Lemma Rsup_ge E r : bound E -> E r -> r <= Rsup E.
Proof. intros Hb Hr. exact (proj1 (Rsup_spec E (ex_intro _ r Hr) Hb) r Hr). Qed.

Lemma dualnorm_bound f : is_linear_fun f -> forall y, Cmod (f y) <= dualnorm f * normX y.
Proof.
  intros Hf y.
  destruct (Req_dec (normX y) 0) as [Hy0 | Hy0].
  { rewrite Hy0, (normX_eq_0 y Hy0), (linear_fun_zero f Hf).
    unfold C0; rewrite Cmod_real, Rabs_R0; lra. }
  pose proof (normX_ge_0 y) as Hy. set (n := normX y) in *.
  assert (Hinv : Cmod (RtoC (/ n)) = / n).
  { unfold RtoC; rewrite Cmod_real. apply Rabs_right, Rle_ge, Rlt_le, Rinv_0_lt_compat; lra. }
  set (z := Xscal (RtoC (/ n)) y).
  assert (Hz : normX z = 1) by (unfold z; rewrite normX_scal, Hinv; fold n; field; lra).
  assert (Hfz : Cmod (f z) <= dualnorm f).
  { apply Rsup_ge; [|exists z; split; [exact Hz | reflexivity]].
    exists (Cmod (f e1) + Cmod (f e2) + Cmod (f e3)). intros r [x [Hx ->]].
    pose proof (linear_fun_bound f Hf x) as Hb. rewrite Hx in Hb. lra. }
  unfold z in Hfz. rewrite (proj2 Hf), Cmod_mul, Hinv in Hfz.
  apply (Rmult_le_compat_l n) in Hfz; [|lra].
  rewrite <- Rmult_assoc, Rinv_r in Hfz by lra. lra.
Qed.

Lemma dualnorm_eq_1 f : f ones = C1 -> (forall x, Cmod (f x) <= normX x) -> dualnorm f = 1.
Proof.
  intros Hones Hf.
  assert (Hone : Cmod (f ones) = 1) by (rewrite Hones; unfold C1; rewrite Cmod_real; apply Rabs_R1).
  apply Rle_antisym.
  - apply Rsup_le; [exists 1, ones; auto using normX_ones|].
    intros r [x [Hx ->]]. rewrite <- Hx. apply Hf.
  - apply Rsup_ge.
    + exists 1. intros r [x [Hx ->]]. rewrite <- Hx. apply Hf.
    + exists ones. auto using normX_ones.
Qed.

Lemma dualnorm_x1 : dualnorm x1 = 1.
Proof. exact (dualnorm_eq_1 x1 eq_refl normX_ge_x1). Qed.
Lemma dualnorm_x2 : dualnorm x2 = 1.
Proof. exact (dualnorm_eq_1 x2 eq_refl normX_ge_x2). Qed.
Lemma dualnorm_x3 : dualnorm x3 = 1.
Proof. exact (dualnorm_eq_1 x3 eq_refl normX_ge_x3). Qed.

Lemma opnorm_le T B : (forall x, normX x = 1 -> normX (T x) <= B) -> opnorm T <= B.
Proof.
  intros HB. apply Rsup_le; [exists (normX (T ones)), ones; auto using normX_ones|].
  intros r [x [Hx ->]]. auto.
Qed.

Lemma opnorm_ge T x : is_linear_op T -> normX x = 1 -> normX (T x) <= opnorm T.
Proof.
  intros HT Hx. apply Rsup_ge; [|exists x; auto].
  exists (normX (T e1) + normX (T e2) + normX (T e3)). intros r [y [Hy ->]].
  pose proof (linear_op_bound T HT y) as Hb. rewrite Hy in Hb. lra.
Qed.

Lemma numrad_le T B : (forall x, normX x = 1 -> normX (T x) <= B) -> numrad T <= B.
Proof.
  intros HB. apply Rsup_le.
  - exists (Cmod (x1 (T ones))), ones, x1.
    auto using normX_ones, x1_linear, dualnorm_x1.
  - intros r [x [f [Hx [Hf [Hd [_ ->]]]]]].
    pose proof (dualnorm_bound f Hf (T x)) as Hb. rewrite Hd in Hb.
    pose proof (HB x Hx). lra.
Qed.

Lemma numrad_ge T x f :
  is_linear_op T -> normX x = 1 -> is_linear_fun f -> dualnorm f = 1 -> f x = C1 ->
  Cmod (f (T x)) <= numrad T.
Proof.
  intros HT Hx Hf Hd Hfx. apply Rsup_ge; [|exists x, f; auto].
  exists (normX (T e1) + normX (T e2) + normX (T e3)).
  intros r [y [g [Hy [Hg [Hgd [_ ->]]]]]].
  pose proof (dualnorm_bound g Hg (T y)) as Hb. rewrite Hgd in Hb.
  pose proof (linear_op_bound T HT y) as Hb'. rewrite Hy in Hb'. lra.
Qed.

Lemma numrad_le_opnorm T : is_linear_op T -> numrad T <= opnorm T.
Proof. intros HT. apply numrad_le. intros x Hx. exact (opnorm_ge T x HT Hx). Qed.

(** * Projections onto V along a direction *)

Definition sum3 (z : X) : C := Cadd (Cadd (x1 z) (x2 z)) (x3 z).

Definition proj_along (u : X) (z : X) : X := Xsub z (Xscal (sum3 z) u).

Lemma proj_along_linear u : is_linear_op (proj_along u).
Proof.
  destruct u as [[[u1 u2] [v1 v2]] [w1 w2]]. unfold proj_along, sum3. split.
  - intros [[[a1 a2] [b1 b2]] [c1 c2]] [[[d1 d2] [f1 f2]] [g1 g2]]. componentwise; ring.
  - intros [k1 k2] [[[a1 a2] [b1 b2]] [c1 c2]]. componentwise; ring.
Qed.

━━━━━━

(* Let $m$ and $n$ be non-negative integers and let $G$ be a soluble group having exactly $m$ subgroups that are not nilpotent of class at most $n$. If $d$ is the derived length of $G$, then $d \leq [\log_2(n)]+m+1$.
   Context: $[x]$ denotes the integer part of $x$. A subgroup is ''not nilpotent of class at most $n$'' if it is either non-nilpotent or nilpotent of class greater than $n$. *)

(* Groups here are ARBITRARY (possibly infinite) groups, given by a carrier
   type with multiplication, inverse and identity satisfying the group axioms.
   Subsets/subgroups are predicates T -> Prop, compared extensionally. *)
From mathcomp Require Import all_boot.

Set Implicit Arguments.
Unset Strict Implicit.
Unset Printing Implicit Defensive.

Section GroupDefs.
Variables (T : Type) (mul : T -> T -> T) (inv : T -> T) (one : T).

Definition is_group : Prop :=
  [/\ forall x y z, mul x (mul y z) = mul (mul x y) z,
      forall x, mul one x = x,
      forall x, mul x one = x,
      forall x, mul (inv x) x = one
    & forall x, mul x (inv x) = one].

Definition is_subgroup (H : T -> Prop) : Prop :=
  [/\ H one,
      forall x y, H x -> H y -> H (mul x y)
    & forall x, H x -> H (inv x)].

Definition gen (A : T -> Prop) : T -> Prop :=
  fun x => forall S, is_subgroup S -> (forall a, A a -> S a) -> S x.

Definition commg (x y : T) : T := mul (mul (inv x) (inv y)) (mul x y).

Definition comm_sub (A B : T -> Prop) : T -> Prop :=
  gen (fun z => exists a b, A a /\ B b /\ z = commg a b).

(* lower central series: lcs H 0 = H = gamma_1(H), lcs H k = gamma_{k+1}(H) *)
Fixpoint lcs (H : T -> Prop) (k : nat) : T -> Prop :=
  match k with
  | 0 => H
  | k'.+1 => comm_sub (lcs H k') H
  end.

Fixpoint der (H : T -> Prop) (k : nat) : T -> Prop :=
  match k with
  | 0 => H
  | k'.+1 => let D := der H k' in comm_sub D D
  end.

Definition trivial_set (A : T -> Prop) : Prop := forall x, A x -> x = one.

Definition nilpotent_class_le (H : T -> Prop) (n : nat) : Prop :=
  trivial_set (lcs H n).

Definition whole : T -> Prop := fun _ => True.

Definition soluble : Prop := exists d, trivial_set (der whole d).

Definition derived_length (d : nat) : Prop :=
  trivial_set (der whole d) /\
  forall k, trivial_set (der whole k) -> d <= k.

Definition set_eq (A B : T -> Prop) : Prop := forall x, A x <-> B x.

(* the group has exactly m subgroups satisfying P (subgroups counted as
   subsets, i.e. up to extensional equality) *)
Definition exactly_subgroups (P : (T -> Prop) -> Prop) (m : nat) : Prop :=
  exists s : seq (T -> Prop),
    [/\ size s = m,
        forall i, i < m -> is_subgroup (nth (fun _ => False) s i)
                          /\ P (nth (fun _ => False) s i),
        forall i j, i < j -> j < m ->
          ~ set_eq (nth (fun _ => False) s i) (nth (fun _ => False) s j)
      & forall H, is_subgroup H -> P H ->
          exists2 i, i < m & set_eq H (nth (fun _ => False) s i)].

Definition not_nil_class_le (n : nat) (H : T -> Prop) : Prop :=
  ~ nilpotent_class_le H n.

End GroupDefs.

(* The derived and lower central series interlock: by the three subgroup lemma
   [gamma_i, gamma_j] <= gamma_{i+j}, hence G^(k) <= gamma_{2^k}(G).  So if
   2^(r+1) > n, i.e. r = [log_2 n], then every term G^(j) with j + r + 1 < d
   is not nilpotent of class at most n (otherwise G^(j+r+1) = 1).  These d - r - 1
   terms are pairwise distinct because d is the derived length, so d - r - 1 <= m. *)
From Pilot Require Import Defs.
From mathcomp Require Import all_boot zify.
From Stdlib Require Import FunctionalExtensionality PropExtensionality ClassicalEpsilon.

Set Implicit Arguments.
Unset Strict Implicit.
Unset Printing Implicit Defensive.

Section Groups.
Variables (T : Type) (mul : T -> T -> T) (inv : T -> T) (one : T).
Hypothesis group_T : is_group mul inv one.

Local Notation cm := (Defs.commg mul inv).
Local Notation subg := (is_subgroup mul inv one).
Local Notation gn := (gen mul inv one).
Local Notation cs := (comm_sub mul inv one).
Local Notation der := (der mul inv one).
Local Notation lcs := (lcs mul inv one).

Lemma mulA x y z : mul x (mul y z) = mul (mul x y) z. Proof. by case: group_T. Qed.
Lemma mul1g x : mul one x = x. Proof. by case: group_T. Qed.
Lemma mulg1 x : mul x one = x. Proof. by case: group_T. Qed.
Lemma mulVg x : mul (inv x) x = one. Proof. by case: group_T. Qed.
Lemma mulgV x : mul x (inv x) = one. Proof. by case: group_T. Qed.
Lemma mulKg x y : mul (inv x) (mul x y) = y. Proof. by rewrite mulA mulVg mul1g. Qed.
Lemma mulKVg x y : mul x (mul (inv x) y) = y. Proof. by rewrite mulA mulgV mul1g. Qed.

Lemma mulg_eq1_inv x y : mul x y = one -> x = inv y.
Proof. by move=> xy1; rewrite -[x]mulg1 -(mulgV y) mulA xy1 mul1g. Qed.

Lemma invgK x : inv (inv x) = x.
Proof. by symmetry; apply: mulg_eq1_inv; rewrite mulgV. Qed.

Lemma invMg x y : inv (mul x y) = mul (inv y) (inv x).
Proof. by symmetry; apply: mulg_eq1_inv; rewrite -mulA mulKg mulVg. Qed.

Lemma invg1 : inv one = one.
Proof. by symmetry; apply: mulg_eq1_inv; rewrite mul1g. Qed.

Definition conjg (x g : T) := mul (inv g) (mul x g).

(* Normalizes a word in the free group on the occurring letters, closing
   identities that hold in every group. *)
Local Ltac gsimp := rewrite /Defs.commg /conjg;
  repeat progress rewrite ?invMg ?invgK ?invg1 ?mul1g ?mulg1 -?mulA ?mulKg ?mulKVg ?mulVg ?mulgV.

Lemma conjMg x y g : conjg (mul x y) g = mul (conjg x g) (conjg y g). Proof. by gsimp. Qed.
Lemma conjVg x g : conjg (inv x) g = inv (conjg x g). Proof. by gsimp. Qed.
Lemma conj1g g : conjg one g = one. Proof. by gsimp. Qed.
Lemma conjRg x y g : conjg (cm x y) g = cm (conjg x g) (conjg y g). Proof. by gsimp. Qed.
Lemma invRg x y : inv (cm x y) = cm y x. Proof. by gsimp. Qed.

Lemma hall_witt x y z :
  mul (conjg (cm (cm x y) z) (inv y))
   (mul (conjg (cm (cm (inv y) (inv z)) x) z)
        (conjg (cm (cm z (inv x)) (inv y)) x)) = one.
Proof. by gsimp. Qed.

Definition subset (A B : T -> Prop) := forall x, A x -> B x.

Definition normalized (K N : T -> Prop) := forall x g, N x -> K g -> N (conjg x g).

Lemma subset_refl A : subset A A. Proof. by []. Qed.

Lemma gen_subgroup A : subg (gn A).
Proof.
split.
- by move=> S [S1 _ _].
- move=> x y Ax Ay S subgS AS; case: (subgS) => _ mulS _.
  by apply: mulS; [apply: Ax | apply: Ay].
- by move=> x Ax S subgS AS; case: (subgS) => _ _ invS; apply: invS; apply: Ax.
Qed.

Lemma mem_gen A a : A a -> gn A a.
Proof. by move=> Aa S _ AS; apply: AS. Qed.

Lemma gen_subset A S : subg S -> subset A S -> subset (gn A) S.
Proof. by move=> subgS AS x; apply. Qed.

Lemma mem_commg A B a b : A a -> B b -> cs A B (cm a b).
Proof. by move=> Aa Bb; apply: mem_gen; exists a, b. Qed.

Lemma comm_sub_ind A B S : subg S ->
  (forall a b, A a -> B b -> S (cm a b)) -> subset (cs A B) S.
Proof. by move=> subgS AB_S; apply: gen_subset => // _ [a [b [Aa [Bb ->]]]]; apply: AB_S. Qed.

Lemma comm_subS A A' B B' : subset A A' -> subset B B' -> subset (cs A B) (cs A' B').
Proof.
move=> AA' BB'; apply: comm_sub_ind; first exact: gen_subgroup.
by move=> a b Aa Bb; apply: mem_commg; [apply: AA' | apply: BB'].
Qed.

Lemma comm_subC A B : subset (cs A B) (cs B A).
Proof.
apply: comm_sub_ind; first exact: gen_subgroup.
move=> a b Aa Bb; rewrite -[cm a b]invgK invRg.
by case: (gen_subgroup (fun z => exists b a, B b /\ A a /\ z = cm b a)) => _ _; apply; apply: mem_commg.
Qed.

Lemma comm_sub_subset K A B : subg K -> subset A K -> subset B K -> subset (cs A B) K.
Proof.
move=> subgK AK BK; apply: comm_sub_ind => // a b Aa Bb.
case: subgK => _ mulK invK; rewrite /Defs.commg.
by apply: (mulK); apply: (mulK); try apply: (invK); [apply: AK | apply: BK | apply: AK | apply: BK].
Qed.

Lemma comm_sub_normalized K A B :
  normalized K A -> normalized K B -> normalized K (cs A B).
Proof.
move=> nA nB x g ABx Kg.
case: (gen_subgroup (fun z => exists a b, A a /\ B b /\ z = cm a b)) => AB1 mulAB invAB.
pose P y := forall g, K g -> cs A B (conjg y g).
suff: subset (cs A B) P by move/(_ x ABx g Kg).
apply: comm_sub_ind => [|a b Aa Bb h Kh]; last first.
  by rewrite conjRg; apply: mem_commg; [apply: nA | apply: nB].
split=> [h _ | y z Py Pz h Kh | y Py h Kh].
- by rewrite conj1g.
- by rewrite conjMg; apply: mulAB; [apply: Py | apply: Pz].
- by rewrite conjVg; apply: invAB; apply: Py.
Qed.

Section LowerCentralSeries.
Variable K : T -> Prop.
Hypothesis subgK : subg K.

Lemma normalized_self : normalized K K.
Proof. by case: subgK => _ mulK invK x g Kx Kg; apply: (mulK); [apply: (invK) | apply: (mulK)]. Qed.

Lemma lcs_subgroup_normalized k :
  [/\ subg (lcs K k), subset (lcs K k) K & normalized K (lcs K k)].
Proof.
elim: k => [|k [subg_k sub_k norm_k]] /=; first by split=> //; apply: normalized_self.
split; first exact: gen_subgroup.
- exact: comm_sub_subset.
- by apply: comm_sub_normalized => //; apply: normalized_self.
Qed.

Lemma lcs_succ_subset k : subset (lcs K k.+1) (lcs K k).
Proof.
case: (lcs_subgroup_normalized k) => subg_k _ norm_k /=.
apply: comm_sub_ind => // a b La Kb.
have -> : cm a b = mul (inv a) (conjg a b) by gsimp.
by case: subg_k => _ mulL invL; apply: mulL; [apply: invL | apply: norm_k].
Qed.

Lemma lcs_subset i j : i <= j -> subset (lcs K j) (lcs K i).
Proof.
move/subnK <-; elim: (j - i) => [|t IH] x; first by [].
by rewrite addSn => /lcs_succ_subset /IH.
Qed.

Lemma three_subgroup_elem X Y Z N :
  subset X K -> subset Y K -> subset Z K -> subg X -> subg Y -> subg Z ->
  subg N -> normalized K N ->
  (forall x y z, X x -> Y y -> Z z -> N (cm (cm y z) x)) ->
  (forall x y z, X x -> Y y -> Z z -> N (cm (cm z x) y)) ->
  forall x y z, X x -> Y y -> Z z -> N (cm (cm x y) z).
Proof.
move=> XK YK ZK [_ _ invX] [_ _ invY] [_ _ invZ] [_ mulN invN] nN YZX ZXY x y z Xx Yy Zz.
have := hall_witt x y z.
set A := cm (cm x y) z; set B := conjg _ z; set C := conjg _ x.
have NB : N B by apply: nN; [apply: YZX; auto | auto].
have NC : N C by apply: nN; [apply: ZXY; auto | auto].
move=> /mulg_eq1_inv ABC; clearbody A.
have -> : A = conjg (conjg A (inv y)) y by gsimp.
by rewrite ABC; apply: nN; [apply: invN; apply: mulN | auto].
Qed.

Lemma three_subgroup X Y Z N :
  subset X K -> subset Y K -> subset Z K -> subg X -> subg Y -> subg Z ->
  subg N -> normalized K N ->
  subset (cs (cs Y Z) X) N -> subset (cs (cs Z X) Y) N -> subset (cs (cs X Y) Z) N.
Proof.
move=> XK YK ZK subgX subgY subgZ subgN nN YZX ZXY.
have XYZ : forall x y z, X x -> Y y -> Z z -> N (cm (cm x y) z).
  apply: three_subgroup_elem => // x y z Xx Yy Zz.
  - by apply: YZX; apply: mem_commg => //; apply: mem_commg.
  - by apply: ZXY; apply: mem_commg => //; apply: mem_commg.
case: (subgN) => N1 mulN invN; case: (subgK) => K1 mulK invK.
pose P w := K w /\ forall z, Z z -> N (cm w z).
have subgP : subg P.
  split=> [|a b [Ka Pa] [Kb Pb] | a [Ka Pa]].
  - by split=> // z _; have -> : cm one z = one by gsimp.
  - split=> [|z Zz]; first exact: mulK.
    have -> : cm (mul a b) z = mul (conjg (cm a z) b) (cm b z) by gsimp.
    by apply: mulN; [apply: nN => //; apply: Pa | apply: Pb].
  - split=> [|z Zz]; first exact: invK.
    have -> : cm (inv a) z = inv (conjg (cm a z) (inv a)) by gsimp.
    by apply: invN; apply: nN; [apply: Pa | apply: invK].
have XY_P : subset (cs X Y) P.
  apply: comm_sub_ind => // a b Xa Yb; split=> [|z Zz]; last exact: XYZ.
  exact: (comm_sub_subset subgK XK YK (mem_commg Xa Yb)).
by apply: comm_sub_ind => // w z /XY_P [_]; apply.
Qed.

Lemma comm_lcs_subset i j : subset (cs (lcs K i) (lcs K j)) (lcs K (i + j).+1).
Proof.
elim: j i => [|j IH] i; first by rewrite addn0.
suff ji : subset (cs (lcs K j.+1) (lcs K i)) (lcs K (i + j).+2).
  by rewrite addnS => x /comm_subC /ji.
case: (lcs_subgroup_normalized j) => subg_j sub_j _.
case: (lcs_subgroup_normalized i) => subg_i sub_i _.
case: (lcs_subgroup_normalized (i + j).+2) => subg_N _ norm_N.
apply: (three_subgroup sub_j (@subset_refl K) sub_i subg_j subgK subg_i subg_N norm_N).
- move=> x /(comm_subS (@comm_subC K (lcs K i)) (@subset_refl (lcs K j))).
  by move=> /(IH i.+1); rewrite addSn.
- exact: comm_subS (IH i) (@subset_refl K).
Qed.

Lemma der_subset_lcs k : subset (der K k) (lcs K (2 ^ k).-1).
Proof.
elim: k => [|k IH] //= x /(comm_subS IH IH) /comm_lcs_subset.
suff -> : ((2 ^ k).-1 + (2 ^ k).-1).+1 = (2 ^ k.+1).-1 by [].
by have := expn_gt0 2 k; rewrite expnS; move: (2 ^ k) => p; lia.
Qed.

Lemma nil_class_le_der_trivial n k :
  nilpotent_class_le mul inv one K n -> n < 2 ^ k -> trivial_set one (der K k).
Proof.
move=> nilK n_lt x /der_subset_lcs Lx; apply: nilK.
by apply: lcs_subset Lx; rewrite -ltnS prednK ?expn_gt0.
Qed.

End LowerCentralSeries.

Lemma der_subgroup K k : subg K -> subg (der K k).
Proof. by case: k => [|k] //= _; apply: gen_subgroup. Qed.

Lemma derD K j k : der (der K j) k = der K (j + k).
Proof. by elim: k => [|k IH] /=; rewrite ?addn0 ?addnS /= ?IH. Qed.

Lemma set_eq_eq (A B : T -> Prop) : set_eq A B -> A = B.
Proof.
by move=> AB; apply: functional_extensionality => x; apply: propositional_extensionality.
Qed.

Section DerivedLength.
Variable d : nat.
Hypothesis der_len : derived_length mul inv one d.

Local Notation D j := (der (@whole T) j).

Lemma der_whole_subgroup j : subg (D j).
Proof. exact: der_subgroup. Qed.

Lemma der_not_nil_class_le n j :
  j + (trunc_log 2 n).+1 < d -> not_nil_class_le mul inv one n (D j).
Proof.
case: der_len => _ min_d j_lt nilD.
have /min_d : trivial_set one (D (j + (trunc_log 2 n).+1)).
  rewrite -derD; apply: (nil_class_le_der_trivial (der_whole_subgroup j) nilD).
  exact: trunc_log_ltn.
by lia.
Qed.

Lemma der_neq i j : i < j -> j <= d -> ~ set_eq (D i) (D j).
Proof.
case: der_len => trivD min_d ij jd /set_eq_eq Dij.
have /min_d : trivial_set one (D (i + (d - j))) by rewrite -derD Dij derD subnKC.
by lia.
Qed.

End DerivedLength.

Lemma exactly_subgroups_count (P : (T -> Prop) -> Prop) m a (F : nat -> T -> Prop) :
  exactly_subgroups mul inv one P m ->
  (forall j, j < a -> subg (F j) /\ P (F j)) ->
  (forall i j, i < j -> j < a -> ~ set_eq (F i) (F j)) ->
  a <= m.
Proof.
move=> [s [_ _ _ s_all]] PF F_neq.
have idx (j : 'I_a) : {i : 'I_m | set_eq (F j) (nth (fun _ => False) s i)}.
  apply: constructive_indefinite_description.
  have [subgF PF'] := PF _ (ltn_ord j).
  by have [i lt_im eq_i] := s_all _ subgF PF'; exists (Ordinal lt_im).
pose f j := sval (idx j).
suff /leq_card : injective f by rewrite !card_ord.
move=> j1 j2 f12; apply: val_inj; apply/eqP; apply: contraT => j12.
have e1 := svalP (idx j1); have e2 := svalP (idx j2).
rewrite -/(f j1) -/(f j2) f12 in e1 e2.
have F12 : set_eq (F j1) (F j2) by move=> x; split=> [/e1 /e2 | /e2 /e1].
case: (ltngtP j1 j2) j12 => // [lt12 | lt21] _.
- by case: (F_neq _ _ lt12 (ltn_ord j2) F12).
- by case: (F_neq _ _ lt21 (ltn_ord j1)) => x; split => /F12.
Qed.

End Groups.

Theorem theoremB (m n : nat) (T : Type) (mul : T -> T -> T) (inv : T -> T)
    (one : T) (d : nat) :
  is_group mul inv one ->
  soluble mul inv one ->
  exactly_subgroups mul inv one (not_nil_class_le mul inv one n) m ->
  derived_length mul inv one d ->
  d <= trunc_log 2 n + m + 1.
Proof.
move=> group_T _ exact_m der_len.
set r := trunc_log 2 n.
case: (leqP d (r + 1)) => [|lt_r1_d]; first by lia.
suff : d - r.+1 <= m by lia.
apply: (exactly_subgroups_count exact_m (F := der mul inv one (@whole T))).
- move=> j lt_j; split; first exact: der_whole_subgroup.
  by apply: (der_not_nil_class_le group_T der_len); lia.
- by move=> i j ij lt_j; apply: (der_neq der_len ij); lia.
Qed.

━━━━━━

Instructions to follow >> Please give back, exactly as it stands above, the stretch from the line with "(forall i j, i" through the line with "have F12 : set_eq", and no line outside it.

Response below >>
  (forall i j, i < j -> j < a -> ~ set_eq (F i) (F j)) ->
  a <= m.
Proof.
move=> [s [_ _ _ s_all]] PF F_neq.
have idx (j : 'I_a) : {i : 'I_m | set_eq (F j) (nth (fun _ => False) s i)}.
  apply: constructive_indefinite_description.
  have [subgF PF'] := PF _ (ltn_ord j).
  by have [i lt_im eq_i] := s_all _ subgF PF'; exists (Ordinal lt_im).
pose f j := sval (idx j).
suff /leq_card : injective f by rewrite !card_ord.
move=> j1 j2 f12; apply: val_inj; apply/eqP; apply: contraT => j12.
have e1 := svalP (idx j1); have e2 := svalP (idx j2).
rewrite -/(f j1) -/(f j2) f12 in e1 e2.
have F12 : set_eq (F j1) (F j2) by move=> x; split=> [/e1 /e2 | /e2 /e1].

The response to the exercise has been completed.